The algorithm for the theoretical calculations

To determine the fragment ions' intensities theoretically, we followed our hypothesis that, since the fragmentation is charge driven [6] by the protonation of the oxygen and/or nitrogen atoms in the backbone amide bond, the order of intensities of the fragment ions should depend on the thermodynamic stability of the particular protonated isomers of the parent ion present in the ion trap just prior to the fragmentation. The isomers were designated as GAVLK_C-OH_1 to GAVLK_C-OH_5, according to the position of the moving proton, starting with position one as the N-terminal amine group and advancing through the four amide bond oxygens (positions 2-5), in the direction from the N- to the C-terminus (Figure 3). Similarly, isomers protonated at amide nitrogens were labelled GAVLK_NH_1 to GAVLK_NH_5 (Figure 4). While one proton was allowed to move along the protonation sites of the peptide backbone, the second proton was sequestered on the amine group of the C-terminal lysine (K) residue in all calculations (see Discussion).

Figure 3

GAVLK_C-OH_2 isomer. An example of a GAVLK penta-peptide isomer designated as GAVLK_C-OH_2. It is protonated at the amide oxygen in position 2 and at the amine group of the C-terminal lysine. Arrows point to the moving and sequestered protons.

Figure 4

GAVLK_NH_3 isomer. An example of a GAVLK penta-peptide isomer designated as GAVLK_NH_3. It is protonated at the amide nitrogen in position 3 and at the amine group of the C-terminal lysine. Arrows point to the moving and sequestered protons.

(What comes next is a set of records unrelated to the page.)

(* Place u_i at level 2i, the inner vertices of e_(i+1) at level 2i+1 and
   everything hanging at u_i at level 2i.  Every u_i is a cut vertex, so
   comparing the eigen-equations of neighbouring vertices turns distance sums
   into masses of levels: writing B q for the x-mass of the levels below q and
   T for the total mass, rho (x_(u_i) - x_(u_(i+1))) = T - B (2i+2) - B (2i+1),
   and the masses of an inner level and of a star level are explicit in
   x_(u_i), B and T.  Compare the two sides of u_s symmetrically: the gap
   h_j = x_(u_(s+j)) - x_(u_(s-j)) and the excess
   E_j = B (2(s-j)+1) - T + B (2(s+j)) satisfy a linear recurrence along which
   "h_j <= 0 and E_j < 0" propagates.  As E_t + h_t >= 0 at the far end, E_0
   is nonnegative, which is the second inequality; the first follows since
   B (2s+3) >= B (2s+1) + x_(u_(s+1)) and x_(u_s) > 0. *)

Section HypergraphDistance.
Variables (T : finType) (E : {set {set T}}).
Implicit Types (u v w y z : T) (X : pred T).

Lemma adj_sym : symmetric (adj E).
Proof.
by move=> y z; apply/existsP/existsP=> -[e /and3P[He Hy Hz]]; exists e; rewrite He Hy Hz.
Qed.

Lemma adj_edge e y z : e \in E -> y \in e -> z \in e -> adj E y z.
Proof. by move=> He Hy Hz; apply/existsP; exists e; rewrite He Hy Hz. Qed.

Lemma adjP y z : adj E y z -> exists e, [/\ e \in E, y \in e & z \in e].
Proof. by case/existsP=> e /and3P[He Hy Hz]; exists e. Qed.

Lemma nstep_adj y z : adj E y z -> nstep E y z 1.
Proof. by move=> Hyz; apply/existsP; exists z; rewrite Hyz /=. Qed.

Lemma nstep_cat u v w m1 m2 :
  nstep E u v m1 -> nstep E v w m2 -> nstep E u w (m1 + m2).
Proof.
elim: m1 u => [|m1 IH] u /=; first by move/eqP->.
by case/existsP=> y /andP[Huy Hy] Hw; apply/existsP; exists y; rewrite Huy IH.
Qed.

Lemma nstep_path u p : path (adj E) u p -> nstep E u (last u p) (size p).
Proof.
elim: p u => [|y p IH] u //= /andP[Huy Hp].
by apply/existsP; exists y; rewrite Huy IH.
Qed.

Lemma nstepP u v m : nstep E u v m ->
  exists p, [/\ size p = m, path (adj E) u p & last u p = v].
Proof.
elim: m u => [|m IH] u /=; first by move/eqP->; exists [::].
case/existsP=> y /andP[Huy /IH[p [<- Hp <-]]].
by exists (y :: p); rewrite /= Huy Hp.
Qed.

Lemma connect_nstep u v : connect (adj E) u v -> exists m, nstep E u v m.
Proof. by case/connectP=> p Hp ->; exists (size p); exact: nstep_path. Qed.

(* A shortest walk is a path, so it has fewer than #|T| edges. *)
Lemma nstep_small u v m : nstep E u v m -> exists2 m', m' < #|T| & nstep E u v m'.
Proof.
case/nstepP=> p [_ /shortenP[p' Hp' Hu _] <-].
exists (size p'); last exact: nstep_path.
by have := max_card (mem (u :: p')); rewrite (card_uniqP Hu).
Qed.

Lemma dist_leq u v m : nstep E u v m -> dist E u v <= m.
Proof.
move=> Huv; have [Hm|Hm] := leqP m #|T|.
  by have := @bigmin_le_cond _ nat _ #|T| (Ordinal (Hm : m < #|T|.+1))
    (fun i => nstep E u v i) val Huv; rewrite minEnat.
apply: leq_trans (ltnW Hm); rewrite /dist.
by apply: (big_ind (fun d => d <= #|T|)) => // [a b Ha _|i _]; rewrite ?geq_min ?Ha // -ltnS.
Qed.

Lemma nstep_dist u v : (exists m, nstep E u v m) -> nstep E u v (dist E u v).
Proof.
case=> m /nstep_small[m' Hm' /dist_leq Hd].
have : dist E u v < #|T| by apply: leq_ltn_trans Hd Hm'.
rewrite /dist; apply: (big_ind (fun d => d < #|T| -> nstep E u v d)) => //.
  by rewrite ltnn.
by move=> a b Ha Hb; rewrite /minn; case: ifP.
Qed.

Lemma dist_xx u : dist E u u = 0.
Proof. by apply/eqP; rewrite -leqn0; exact: (@dist_leq u u 0 (eqxx u)). Qed.

Lemma dist_adj y z : adj E y z -> y != z -> dist E y z = 1.
Proof.
move=> /nstep_adj Hyz Hne; have := dist_leq Hyz.
have := nstep_dist (ex_intro _ 1 Hyz); case: (dist E y z) => [|[|]] //=.
by move/eqP=> Heq; rewrite Heq eqxx in Hne.
Qed.

Lemma dist_edge e y z : e \in E -> y \in e -> z \in e -> y != z -> dist E y z = 1.
Proof. by move=> He Hy Hz; apply/dist_adj/(adj_edge He). Qed.

Section CutVertex.
Variables (X : pred T) (a : T).
Hypothesis cutX : forall y z, adj E y z -> X y -> ~~ X z -> z = a.

Lemma nstep_cut v w m : X v -> ~~ X w -> nstep E v w m ->
  exists m1 m2, [/\ m = m1 + m2, nstep E v a m1 & nstep E a w m2].
Proof.
elim: m v => [|m IH] v Xv Xw /=; first by move/eqP=> Hvw; rewrite -Hvw Xv in Xw.
case/existsP=> y /andP[Hvy Hy]; case Xy: (X y).
  have [m1 [m2 [-> H1 H2]]] := IH y Xy Xw Hy.
  by exists m1.+1, m2; split=> //; apply/existsP; exists y; rewrite Hvy.
rewrite -(cutX Hvy Xv (negbT Xy)).
by exists 1, m; split=> //; exact: nstep_adj.
Qed.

To calculate isomer energies and consequently their Boltzmann distribution, the following algorithm was developed. For the first steps we used the SPARTAN'10 (Wavefunction, Inc) software and the molecular mechanics MMFF force field to generate as many conformers as possible for each protonation site. As the peptides have rotatable bonds along the backbone and on each side chain, the number of possible conformers for even a short peptide chain is quite large. SPARTAN includes the ability to automatically generate and calculate these conformers. The approach the program uses is to randomly choose a bond to rotate and an amount to rotate it. From this starting point the geometry is optimized to find a local minimum structure close to the starting randomly-generated structure. This procedure is then repeated until either a predefined number of structures have been generated or until all possible structures have been examined. In the calculation 100,000 conformers were examined, and the 1,000 lowest energy conformers were kept. Next, an RM1 semi-empirical geometry optimization was performed on each of the conformers. RM1 was chosen over AM1 as the preferred semi-empirical method for this problem based on preliminary trials (see SM Table one in additional file 1) This calculation involves changing the geometry of the molecule to find a nearby structure that minimizes the energy. Low-energy RM1 structures (within 40 kJ.mol-1 of the lowest energy structure) were used as starting geometries for DFT geometry optimizations. The target conformer energy window for the DFT results is 20 kJ.mol-1, but since the DFT calculation changes the conformers' energy values and their order greatly, a wider energy window as a starting point is necessary. The 20 kJ.mol-1 threshold is justified by the realization that the Boltzmann distribution for two structures differing in energy by 20 kJ.mol-1 results in approximately 0.6% abundance of the higher energy state at 443.15 K (the experimental condition). Prior to and after the DFT calculations, the conformers with energies within 0.03 kJ.mol-1 of each other were reviewed for structure similarity by aligning the molecules (using a built-in function of SPARTAN). In the case of identical structures (Align Score > 0.98), only one structure was kept to avoid any conformer appearing more than once in the Boltzmann distribution.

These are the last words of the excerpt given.